From the entries that follow, copy every line with the word "RblindR".

== Data for this exercise ==
# # # # # # #
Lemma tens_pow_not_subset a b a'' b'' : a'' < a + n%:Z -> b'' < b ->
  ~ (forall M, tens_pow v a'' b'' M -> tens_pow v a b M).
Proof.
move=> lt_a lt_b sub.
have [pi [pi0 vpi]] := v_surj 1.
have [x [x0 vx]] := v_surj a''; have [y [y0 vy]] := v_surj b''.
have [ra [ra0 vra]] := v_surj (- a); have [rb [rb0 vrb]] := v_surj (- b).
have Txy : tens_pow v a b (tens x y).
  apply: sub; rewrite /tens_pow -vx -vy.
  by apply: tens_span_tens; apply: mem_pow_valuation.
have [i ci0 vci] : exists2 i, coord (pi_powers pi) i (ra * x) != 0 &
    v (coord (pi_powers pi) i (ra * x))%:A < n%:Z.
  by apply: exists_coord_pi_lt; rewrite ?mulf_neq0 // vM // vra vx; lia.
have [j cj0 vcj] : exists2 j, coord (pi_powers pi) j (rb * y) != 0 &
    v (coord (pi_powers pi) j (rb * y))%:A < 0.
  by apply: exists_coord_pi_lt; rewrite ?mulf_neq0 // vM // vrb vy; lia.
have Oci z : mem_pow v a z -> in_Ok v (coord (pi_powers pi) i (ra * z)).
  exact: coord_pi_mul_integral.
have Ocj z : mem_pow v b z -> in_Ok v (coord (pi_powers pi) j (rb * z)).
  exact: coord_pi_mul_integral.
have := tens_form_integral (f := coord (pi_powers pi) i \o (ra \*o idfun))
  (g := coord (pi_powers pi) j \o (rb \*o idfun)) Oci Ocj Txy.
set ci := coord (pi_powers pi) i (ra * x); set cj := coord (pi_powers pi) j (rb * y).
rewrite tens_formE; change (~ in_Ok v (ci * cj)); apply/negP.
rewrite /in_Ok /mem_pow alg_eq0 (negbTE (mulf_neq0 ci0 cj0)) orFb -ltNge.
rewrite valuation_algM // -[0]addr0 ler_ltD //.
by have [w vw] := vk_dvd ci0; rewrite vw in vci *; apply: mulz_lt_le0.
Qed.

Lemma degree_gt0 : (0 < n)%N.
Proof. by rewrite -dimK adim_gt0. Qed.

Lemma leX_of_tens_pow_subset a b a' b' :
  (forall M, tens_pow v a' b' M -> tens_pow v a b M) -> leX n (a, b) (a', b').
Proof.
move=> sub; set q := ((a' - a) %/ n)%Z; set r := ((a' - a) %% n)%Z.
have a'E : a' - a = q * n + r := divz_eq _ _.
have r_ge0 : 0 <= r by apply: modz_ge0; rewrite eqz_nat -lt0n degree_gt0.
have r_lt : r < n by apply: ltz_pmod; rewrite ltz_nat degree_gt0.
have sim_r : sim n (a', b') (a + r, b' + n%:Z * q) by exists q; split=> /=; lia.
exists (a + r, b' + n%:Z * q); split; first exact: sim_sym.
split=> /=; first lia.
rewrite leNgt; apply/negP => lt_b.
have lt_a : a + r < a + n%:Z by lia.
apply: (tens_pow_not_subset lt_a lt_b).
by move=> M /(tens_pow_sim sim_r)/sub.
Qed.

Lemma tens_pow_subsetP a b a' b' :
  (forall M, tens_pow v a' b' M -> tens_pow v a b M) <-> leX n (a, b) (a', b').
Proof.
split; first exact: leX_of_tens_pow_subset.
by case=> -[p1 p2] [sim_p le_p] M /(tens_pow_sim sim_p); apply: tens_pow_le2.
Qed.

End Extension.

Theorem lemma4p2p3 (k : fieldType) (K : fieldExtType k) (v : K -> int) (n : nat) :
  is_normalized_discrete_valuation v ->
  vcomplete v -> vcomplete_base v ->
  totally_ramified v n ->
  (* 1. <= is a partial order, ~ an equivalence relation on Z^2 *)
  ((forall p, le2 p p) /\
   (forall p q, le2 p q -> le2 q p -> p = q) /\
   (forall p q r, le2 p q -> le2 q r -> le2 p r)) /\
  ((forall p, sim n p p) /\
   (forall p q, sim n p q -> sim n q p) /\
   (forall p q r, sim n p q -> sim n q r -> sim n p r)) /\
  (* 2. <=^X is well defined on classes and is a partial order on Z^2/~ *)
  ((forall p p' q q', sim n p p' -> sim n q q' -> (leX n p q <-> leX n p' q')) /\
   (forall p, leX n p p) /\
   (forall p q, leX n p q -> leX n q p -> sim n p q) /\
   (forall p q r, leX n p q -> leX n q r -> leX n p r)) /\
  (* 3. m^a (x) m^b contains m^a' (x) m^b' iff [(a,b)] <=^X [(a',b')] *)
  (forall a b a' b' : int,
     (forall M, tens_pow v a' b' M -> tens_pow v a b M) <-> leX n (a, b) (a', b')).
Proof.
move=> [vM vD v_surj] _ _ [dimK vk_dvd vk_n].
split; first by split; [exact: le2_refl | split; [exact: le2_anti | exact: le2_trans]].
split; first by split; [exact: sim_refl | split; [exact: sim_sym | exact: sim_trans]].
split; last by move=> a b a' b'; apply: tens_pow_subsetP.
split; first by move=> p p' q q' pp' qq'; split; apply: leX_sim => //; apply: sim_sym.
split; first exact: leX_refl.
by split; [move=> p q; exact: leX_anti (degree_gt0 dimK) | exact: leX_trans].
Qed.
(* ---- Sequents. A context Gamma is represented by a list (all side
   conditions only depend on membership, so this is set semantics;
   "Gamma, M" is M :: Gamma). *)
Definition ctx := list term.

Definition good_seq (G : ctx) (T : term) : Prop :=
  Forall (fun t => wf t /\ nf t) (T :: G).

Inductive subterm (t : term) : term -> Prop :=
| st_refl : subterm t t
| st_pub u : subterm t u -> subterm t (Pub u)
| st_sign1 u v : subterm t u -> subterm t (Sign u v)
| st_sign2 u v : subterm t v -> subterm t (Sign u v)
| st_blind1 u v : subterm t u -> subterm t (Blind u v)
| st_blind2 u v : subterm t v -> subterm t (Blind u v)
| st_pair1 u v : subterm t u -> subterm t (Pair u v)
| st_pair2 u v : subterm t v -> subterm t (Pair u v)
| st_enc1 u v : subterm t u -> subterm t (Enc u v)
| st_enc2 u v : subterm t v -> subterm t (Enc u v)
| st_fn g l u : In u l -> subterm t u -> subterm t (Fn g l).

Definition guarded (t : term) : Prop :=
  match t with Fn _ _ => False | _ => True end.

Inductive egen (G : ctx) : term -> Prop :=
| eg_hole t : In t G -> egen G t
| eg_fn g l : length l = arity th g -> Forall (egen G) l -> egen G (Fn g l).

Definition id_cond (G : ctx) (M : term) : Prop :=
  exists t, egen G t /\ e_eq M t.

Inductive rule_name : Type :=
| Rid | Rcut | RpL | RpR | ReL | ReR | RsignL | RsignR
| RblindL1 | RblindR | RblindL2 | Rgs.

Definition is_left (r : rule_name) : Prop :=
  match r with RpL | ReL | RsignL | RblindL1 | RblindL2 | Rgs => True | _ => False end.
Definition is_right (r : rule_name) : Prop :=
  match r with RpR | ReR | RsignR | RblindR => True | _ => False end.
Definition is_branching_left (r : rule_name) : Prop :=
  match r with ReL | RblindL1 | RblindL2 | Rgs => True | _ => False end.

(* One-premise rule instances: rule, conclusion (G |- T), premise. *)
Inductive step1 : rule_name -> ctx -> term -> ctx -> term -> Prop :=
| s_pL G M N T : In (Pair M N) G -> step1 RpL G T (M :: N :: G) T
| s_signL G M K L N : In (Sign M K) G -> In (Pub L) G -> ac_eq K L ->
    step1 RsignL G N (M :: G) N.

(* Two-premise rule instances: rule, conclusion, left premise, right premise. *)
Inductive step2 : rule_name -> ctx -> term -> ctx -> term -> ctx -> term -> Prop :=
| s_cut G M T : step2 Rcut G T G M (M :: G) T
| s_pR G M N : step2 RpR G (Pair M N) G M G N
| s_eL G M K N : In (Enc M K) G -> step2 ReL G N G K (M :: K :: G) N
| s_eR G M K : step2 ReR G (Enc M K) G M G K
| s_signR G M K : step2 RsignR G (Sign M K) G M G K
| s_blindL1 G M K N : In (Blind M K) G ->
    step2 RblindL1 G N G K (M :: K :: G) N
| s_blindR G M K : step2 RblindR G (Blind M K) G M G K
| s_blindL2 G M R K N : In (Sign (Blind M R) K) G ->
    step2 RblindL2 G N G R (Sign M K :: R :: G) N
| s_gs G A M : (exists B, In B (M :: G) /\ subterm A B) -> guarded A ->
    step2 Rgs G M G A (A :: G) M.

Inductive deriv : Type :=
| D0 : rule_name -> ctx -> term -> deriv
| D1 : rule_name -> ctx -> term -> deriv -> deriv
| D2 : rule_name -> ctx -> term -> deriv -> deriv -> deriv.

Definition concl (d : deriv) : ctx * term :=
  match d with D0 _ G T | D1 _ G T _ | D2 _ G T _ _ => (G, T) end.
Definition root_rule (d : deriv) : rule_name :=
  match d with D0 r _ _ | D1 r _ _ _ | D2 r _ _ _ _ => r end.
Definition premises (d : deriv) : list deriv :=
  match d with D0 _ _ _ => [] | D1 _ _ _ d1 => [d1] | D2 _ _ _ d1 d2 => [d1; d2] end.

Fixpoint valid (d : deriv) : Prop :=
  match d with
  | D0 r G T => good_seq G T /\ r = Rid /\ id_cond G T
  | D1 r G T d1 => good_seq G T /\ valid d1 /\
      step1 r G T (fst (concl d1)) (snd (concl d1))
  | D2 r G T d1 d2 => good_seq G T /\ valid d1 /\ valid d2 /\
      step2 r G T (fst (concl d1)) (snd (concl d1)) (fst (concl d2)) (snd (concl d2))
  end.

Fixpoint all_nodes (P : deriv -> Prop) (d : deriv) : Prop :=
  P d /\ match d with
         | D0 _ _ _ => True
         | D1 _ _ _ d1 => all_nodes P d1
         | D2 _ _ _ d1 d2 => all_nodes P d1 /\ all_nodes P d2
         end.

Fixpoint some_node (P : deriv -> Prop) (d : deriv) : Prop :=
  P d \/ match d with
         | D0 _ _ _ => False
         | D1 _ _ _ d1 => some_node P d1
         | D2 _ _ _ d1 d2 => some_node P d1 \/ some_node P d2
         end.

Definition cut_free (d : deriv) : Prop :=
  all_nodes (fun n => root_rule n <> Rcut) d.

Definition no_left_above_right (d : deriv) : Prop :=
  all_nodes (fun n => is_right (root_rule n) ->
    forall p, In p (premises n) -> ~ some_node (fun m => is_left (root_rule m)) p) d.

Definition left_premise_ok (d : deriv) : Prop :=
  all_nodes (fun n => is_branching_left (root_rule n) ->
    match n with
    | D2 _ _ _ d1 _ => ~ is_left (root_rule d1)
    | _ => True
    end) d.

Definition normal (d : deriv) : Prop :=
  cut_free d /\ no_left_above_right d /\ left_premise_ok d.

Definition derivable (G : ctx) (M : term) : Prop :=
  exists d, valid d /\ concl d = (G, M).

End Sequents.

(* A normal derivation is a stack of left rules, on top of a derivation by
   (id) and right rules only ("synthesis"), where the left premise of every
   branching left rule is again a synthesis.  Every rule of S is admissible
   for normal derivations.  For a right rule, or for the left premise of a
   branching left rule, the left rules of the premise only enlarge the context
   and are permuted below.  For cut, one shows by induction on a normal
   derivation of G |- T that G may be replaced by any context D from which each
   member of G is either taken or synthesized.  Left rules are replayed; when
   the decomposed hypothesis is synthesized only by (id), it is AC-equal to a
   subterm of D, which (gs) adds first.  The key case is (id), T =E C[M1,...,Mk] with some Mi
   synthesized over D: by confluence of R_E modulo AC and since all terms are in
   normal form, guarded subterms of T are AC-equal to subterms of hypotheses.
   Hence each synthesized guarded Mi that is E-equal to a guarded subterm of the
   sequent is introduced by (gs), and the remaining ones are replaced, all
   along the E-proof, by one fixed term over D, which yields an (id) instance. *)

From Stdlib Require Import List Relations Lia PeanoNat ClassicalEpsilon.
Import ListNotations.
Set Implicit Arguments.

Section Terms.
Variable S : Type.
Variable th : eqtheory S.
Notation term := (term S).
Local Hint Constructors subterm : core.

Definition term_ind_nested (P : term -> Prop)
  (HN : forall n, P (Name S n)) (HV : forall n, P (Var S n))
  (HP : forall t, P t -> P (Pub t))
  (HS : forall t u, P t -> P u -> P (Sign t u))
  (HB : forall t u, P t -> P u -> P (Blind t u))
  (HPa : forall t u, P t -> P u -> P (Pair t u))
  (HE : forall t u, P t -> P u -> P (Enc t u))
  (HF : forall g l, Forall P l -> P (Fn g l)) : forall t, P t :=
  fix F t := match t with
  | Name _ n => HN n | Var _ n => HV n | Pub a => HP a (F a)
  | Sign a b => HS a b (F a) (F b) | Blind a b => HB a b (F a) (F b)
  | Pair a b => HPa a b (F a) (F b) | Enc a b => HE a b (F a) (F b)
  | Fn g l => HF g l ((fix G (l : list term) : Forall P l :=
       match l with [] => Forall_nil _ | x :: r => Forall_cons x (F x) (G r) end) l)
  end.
# # # # # # #
== Exercise output ==
| RblindL1 | RblindR | RblindL2 | Rgs.
  match r with RpR | ReR | RsignR | RblindR => True | _ => False end.
| s_blindR G M K : step2 RblindR G (Blind M K) G M G K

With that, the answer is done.